# Yahar! Pirate chest incoming! A really nice pirate chest build I have been working on the last few weeks.



## SamhainPropworks (Nov 15, 2019)

Evening all,

After a heat wave and a juggling the kids being home for summer I have managed to get going on my next large pirate themed prop for my channel. This chest has been a ton of work, but it's coming together real nice! Net week I am adding the treasure and some additional aging to make it look authentic as possible!

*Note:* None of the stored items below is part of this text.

(* Let $\mathcal K$ (UAVs) and $\mathcal I$ (subscribers) be finite sets. Fix $\sigma^2>0$, channel gains $h_{ij}>0$ ($i\in\mathcal I$, $j\in\mathcal K$), association indicators $c_{ik}\in\{0,1\}$ with $\sum_{k}c_{ik}\le1$ for all $i$ and $\sum_i c_{ik}\le 1$ for all $k$, constants $L>0$, $B>0$, $V\rho_1\ge 0$, nonnegative weights $a_i$ ($i\in\mathcal I$) and $w_k$ ($k\in\mathcal K$), and power bounds $0\le p^{\min}_k$, $p^c_k\ge 0$, $\hat p_k$. For $p=(p_k)_{k\in\mathcal K}$ let $$r_i(p)=\sum_{k\in\mathcal K}c_{ik}\log_2\Big(1+\frac{p_kh_{ik}}{\sigma^2+\sum_{j\in\mathcal K\setminus\{k\}}p_jh_{ij}}\Big),$$ and let $\mathcal F=\{p:\ p^{\min}_k\le p_k\le \hat p_k-p^c_k\ \forall k\}$. Problem (P): minimize over $p\in\mathcal F$ the function $\Phi(p)=\sum_{k}w_kp_k+V\rho_1\sum_{i}\frac{L}{B\,r_i(p)}-\sum_i a_i r_i(p)$ (with $L/(B\cdot 0)=+\infty$); let $\mathrm{OPT}_P=\inf_{p\in\mathcal F}\Phi(p)$. Fix a local point $p^{(r)}\ge 0$ and define $\hat\Lambda_i(p)=\log_2(\sigma^2+\sum_{j}p_jh_{ij})$, $F^{(r)}_{ik}=\log_2(\sigma^2+\sum_{j\ne k}p^{(r)}_jh_{ij})$, $G^{(r)}_{ikj}=h_{ij}/\big((\sigma^2+\sum_{l\ne k}p^{(r)}_lh_{il})\ln2\big)$ for $j\ne k$. Problem (C): maximize over $(p,\xi,\eta)$, $\xi=(\xi_i)_{i\in\mathcal I}$, $\eta=(\eta_i)_{i\in\mathcal I}$, the objective $-\sum_k w_kp_k+\sum_i a_i\eta_i-V\rho_1\sum_i\xi_i$ subject to: $p\in\mathcal F$; $\xi_i\ge0,\ \eta_i\ge 0$ and $\xi_i\eta_i\ge L/B$ for all $i$; and for all $i$, $$\sum_{k}c_{ik}\big(\hat\Lambda_i(p)-F^{(r)}_{ik}\big)-\sum_k c_{ik}\sum_{j\ne k}G^{(r)}_{ikj}(p_j-p^{(r)}_j)\ge\eta_i .$$ Let $\mathrm{OPT}_C$ be the supremum of the objective of (C) over its feasible set ($-\infty$ if infeasible). Then $\mathrm{OPT}_P\le -\mathrm{OPT}_C$, i.e., the negative of the optimal value of (C) is an upper bound on the optimal value of (P).
   Context: Problem (P) is the per-slot UAV transmit-power subproblem of a Lyapunov drift-plus-penalty scheme for multi-UAV video transmission: in the paper $w_k=V\rho_2+[Y_k(t)]^+$ and $a_i=[X_i(t)]^++[Z_i(t)]^+$ with $V,\rho_1,\rho_2\ge0$ and $[x]^+=\max\{x,0\}$, $L$ is the video data length per slot and $B$ the bandwidth; $r_i(p)$ is the achievable rate of subscriber $i$ under the fixed association $c$ and fixed UAV positions (encoded in $h_{ij}$). *)

From HB Require Import structures.
From mathcomp Require Import all_boot all_order all_algebra.
From mathcomp Require Import all_classical all_reals all_analysis.
Set Implicit Arguments. Unset Strict Implicit. Unset Printing Implicit Defensive.
Import Order.TTheory GRing.Theory Num.Theory.
Local Open Scope ring_scope.
Local Open Scope classical_set_scope.

Section UAV.
Variables (R : realType) (K I : finType).

Definition log2 (x : R) : R := ln x / ln 2.

Definition rate (sigma2 : R) (h : I -> K -> R) (c : I -> K -> R)
  (p : K -> R) (i : I) : R :=
  \sum_(k : K) c i k *
    log2 (1 + p k * h i k / (sigma2 + \sum_(j : K | j != k) p j * h i j)).

Definition feasP (pmin pc phat : K -> R) (p : K -> R) : Prop :=
  forall k, pmin k <= p k <= phat k - pc k.

Definition delay_term (L B r : R) : \bar R :=
  if r == 0 then +oo%E else (L / (B * r))%:E.

Definition PhiP (sigma2 : R) (h c : I -> K -> R) (L B Vrho1 : R)
  (a : I -> R) (w : K -> R) (p : K -> R) : \bar R :=
  ((\sum_(k : K) w k * p k)%:E
   + Vrho1%:E * (\sum_(i : I) delay_term L B (rate sigma2 h c p i))
   - (\sum_(i : I) a i * rate sigma2 h c p i)%:E)%E.

Definition OPT_P sigma2 h c L B Vrho1 a w (pmin pc phat : K -> R) : \bar R :=
  ereal_inf [set PhiP sigma2 h c L B Vrho1 a w p | p in feasP pmin pc phat].

Definition LamHat (sigma2 : R) (h : I -> K -> R) (p : K -> R) (i : I) : R :=
  log2 (sigma2 + \sum_(j : K) p j * h i j).

Definition Fr (sigma2 : R) (h : I -> K -> R) (pr : K -> R) (i : I) (k : K) : R :=
  log2 (sigma2 + \sum_(j : K | j != k) pr j * h i j).

Definition Gr (sigma2 : R) (h : I -> K -> R) (pr : K -> R) (i : I) (k j : K) : R :=
  h i j / ((sigma2 + \sum_(l : K | l != k) pr l * h i l) * ln 2).

Definition objC (Vrho1 : R) (a : I -> R) (w : K -> R)
  (p : K -> R) (xi eta : I -> R) : R :=
  - (\sum_(k : K) w k * p k) + \sum_(i : I) a i * eta i
  - Vrho1 * \sum_(i : I) xi i.

Definition feasC (sigma2 : R) (h c : I -> K -> R) (L B : R)
  (pmin pc phat pr : K -> R) (p : K -> R) (xi eta : I -> R) : Prop :=
  feasP pmin pc phat p /\
  (forall i, 0 <= xi i /\ 0 <= eta i /\ L / B <= xi i * eta i) /\
  (forall i,
     eta i <= \sum_(k : K) c i k * (LamHat sigma2 h p i - Fr sigma2 h pr i k)
              - \sum_(k : K) c i k *
                  \sum_(j : K | j != k) Gr sigma2 h pr i k j * (p j - pr j)).

Definition OPT_C sigma2 h c L B Vrho1 a w (pmin pc phat pr : K -> R) : \bar R :=
  ereal_sup [set (objC Vrho1 a w x.1.1 x.1.2 x.2)%:E
            | x in [set x : (K -> R) * (I -> R) * (I -> R) |
                    feasC sigma2 h c L B pmin pc phat pr x.1.1 x.1.2 x.2]].

End UAV.

From HB Require Import structures.
From mathcomp Require Import all_boot all_order all_algebra.
From mathcomp Require Import all_classical all_reals all_analysis.
From mathcomp Require Import ring lra.
Set Implicit Arguments. Unset Strict Implicit. Unset Printing Implicit Defensive.
Import Order.TTheory GRing.Theory Num.Theory.
Local Open Scope ring_scope.

(* Problem (C) is the successive convex approximation of (P) at p^(r): its
   constraint replaces the concave-minus-concave rate by the concave part minus
   the tangent of the subtracted interference term, and since log is concave
   that tangent lies above it, so every feasible eta_i is at most r_i(p).  The
   constraint xi_i eta_i >= L/B then gives L/(B r_i(p)) <= xi_i, hence
   Phi(p) <= -objC(p, xi, eta) for every feasible point of (C), which is the
   claim after taking the infimum and the supremum. *)

Lemma ln_le_tangent (R : realType) (x y : R) :
  0 < x -> 0 < y -> ln x <= ln y + (x - y) / y.
Proof.
move=> x0 y0; have yN0 : y != 0 by rewrite gt_eqF.
have xy : x / y = 1 + (x - y) / y by field.
have -> : ln x = ln y + ln (x / y).
  by rewrite ln_div ?posrE //; ring.
rewrite lerD2l xy le_ln1Dx // -(@ltrD2l _ 1) addrN -xy divr_gt0 //.
Qed.

Lemma log2_le_tangent (R : realType) (x y : R) :
  0 < x -> 0 < y -> log2 x <= log2 y + (x - y) / (y * ln 2).
Proof.
move=> x0 y0; have ln2_gt0 : 0 < ln (2 : R) by rewrite ln_gt0 // ltr1n.
rewrite /log2 invfM mulrA -mulrDl ler_pM2r ?invr_gt0 //.
exact: ln_le_tangent.
Qed.

Section SCA.
Variables (R : realType) (K I : finType) (sigma2 : R) (h : I -> K -> R).
Hypothesis hsigma : 0 < sigma2.
Hypothesis hh : forall i j, 0 < h i j.

Definition noise_interf (p : K -> R) (i : I) (k : K) : R :=
  sigma2 + \sum_(j : K | j != k) p j * h i j.

Lemma noise_interf_gt0 p i k : (forall j, 0 <= p j) -> 0 < noise_interf p i k.
Proof.
move=> p0; apply: ltr_pwDl => //; apply: sumr_ge0 => j _.
by rewrite mulr_ge0 // ltW.
Qed.

Lemma LamHat_noise_interf p i k :
  LamHat sigma2 h p i = log2 (noise_interf p i k + p k * h i k).
Proof. by rewrite /LamHat (bigD1 k) //= /noise_interf addrCA addrC. Qed.

Lemma sum_Gr_mul_sub pr p i k : (forall j, 0 <= pr j) ->
  \sum_(j : K | j != k) Gr sigma2 h pr i k j * (p j - pr j)
  = (noise_interf p i k - noise_interf pr i k) / (noise_interf pr i k * ln 2).
Proof.
move=> pr0; have Sr_neq0 := gt_eqF (noise_interf_gt0 i k pr0).
have ln2_neq0 : ln (2 : R) != 0 by rewrite gt_eqF // ln_gt0 // ltr1n.
rewrite /noise_interf opprD addrACA subrr add0r -sumrB mulr_suml.
apply: eq_bigr => j _; rewrite /Gr -/(noise_interf pr i k); field.
by rewrite Sr_neq0 ln2_neq0.
Qed.

Lemma sca_term_le_log2_sinr p pr i k :
  (forall j, 0 <= p j) -> (forall j, 0 <= pr j) ->
  LamHat sigma2 h p i - Fr sigma2 h pr i k
    - \sum_(j : K | j != k) Gr sigma2 h pr i k j * (p j - pr j)
  <= log2 (1 + p k * h i k / noise_interf p i k).
Proof.
move=> p0 pr0; set S := noise_interf p i k; set Sr := noise_interf pr i k.
have S_gt0 : 0 < S by exact: noise_interf_gt0.
have Sr_gt0 : 0 < Sr by exact: noise_interf_gt0.
have pk_ge0 : 0 <= p k * h i k by rewrite mulr_ge0 // ltW.
have -> : 1 + p k * h i k / S = (S + p k * h i k) / S by field; rewrite gt_eqF.
have -> : log2 ((S + p k * h i k) / S) = log2 (S + p k * h i k) - log2 S.
  by rewrite /log2 ln_div ?posrE ?mulrBl //; lra.
rewrite (LamHat_noise_interf _ _ k) sum_Gr_mul_sub // -/S -/Sr.
have := log2_le_tangent S_gt0 Sr_gt0; rewrite /Fr -/(noise_interf pr i k) -/Sr.
lra.
Qed.

Lemma sca_surrogate_le_rate c p pr i :
  (forall k, 0 <= c i k) -> (forall j, 0 <= p j) -> (forall j, 0 <= pr j) ->
  \sum_(k : K) c i k * (LamHat sigma2 h p i - Fr sigma2 h pr i k)
  - \sum_(k : K) c i k * \sum_(j : K | j != k) Gr sigma2 h pr i k j * (p j - pr j)
  <= rate sigma2 h c p i.
Proof.
move=> c0 p0 pr0; rewrite -sumrB /rate; apply: ler_sum => k _.
by rewrite -mulrBr ler_wpM2l // sca_term_le_log2_sinr.
Qed.

End SCA.

Lemma delay_term_le (R : realType) (L B r xi eta : R) :
  0 < L -> 0 < B -> L / B <= xi * eta -> 0 <= eta <= r ->
  (delay_term L B r <= xi%:E)%E.
Proof.
move=> L0 B0 LB /andP[eta0 eta_r].
have LB0 : 0 < L / B by rewrite divr_gt0.
have eta_gt0 : 0 < eta.
  by rewrite lt_def eta0 andbT; apply: contraTneq LB => ->; rewrite mulr0 -ltNge.
have xi0 : 0 <= xi.
  by rewrite -(pmulr_lge0 _ eta_gt0); apply: le_trans LB; exact: ltW.
have r_gt0 := lt_le_trans eta_gt0 eta_r.
rewrite /delay_term gt_eqF // lee_fin invfM mulrA ler_pdivrMr //.
by apply: le_trans LB _; rewrite ler_wpM2l.
Qed.

Lemma PhiP_le_objC (R : realType) (K I : finType) (sigma2 : R)
  (h c : I -> K -> R) (L B Vrho1 : R) (a : I -> R) (w : K -> R)
  (pmin pc phat pr p : K -> R) (xi eta : I -> R) :
  0 < sigma2 -> (forall i j, 0 < h i j) -> (forall i k, 0 <= c i k) ->
  0 < L -> 0 < B -> 0 <= Vrho1 -> (forall i, 0 <= a i) ->
  (forall k, 0 <= pmin k) -> (forall k, 0 <= pr k) ->
  feasC sigma2 h c L B pmin pc phat pr p xi eta ->
  (PhiP sigma2 h c L B Vrho1 a w p <= - (objC Vrho1 a w p xi eta)%:E)%E.
Proof.
move=> hsigma hh c0 L0 B0 V0 a0 pmin0 pr0 [hp [hxieta heta]].
have p0 k : 0 <= p k by case/andP: (hp k) => + _; exact: le_trans.
have eta_le_rate i : eta i <= rate sigma2 h c p i.
  by apply: le_trans (heta i) _; apply: sca_surrogate_le_rate.
have delay_le i : (delay_term L B (rate sigma2 h c p i) <= (xi i)%:E)%E.
  have [_ [eta0 LB]] := hxieta i.
  by apply: (delay_term_le L0 B0 LB); rewrite eta0 eta_le_rate.
have delay_sum : (Vrho1%:E * \sum_(i : I) delay_term L B (rate sigma2 h c p i)
                  <= (Vrho1 * \sum_(i : I) xi i)%:E)%E.
  by rewrite EFinM -sumEFin lee_wpmul2l ?lee_fin // lee_sum.
have reward_sum : ((\sum_(i : I) a i * eta i)%:E
                   <= (\sum_(i : I) a i * rate sigma2 h c p i)%:E)%E.
  by rewrite lee_fin; apply: ler_sum => i _; rewrite ler_wpM2l.
apply: le_trans (leeB (leeD2l _ delay_sum) reward_sum) _.
by rewrite -!EFinN -!EFinD lee_fin /objC; lra.
Qed.

Theorem lemma1 (R : realType) (K I : finType)
  (sigma2 : R) (h c : I -> K -> R) (L B Vrho1 : R)
  (a : I -> R) (w : K -> R) (pmin pc phat pr : K -> R)
  (hsigma : 0 < sigma2)
  (hh : forall i j, 0 < h i j)
  (hc01 : forall i k, c i k = 0 \/ c i k = 1)
  (hcI : forall i, \sum_(k : K) c i k <= 1)
  (hcK : forall k, \sum_(i : I) c i k <= 1)
  (hL : 0 < L) (hB : 0 < B) (hV : 0 <= Vrho1)
  (ha : forall i, 0 <= a i) (hw : forall k, 0 <= w k)
  (hpmin : forall k, 0 <= pmin k) (hpc : forall k, 0 <= pc k)
  (hpr : forall k, 0 <= pr k) :
  (OPT_P sigma2 h c L B Vrho1 a w pmin pc phat
   <= - OPT_C sigma2 h c L B Vrho1 a w pmin pc phat pr)%E.
Proof.
have c0 i k : 0 <= c i k by case: (hc01 i k) => ->.
rewrite /OPT_P /OPT_C leeNr; apply: ge_ereal_sup => _ [[[p xi] eta] /= feas <-].
rewrite leeNr; apply: ge_ereal_inf; exists (PhiP sigma2 h c L B Vrho1 a w p).
  by exists p; first by case: feas.
exact: PhiP_le_objC hsigma hh c0 hL hB hV ha hpmin hpr feas.
Qed.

Hope you enjoy the journey if you end up watching!

-Samhain

Part I:





Part II:


----------



## RoxyBlue (Oct 6, 2008)

That is one beautiful pirate chest.


----------



## SamhainPropworks (Nov 15, 2019)

RoxyBlue said:


> That is one beautiful pirate chest.


Thanks Roxy! I think I overdid the size just a tiny bit.... and by a tiny bit I mean a lot. The thing is massive, which in turn made everything on it take more work.. I have enjoyed it, but am glad this week is the final video of the build. lol


----------



## stick (Jan 21, 2009)

Another true masterpiece you have made.


----------



## IMU (Apr 8, 2009)

Looks really nice. Now to fill it with some treasure. You know, _someone_ on here posted a quick "tutorial" on casting your own pirate doubloons. They would look pretty good in your treasure chest if you ask me.


----------



## SamhainPropworks (Nov 15, 2019)

A bit of a sneak peek on this weeks video. I went with simple poker chips, It uses SOOOO many. I may add some sculpted coins at a later date, but the poker chips did great for the time being


----------



## ZombieBride (May 14, 2018)

Lovely work SP!


----------



## hauntedeve (Aug 12, 2010)

Very nicely done! Excellent paint job on the chest and treasure.


----------



## SamhainPropworks (Nov 15, 2019)

I have now finished it up with a fully functioning EVA foam lock! I am now completely done with that chest! lol. Been fun build though.


----------



## RoxyBlue (Oct 6, 2008)

Really clever!


----------



## Atticus Finch (Aug 16, 2021)

Very nice work! I'm working on a pirate themed haunt this year and this gave me some good inspiration.


----------



## Daphne (Oct 18, 2006)

Great work! Glad to know I’m not the only one that has had a prop size get away from me. Living that dream right now ha ha! This turned out really well.


----------



## SamhainPropworks (Nov 15, 2019)

Lol, thanks all! It was a interesting build to say the least. Now my living room wall is being converted into a arched wall.. I love this time of year, and I set it up where my fall decor rolls into my halloween decor. Allows me to start decorating at the beginning of September! lol


----------



## Headless (Sep 4, 2011)

WOW that is an awesome chest! Well done!


----------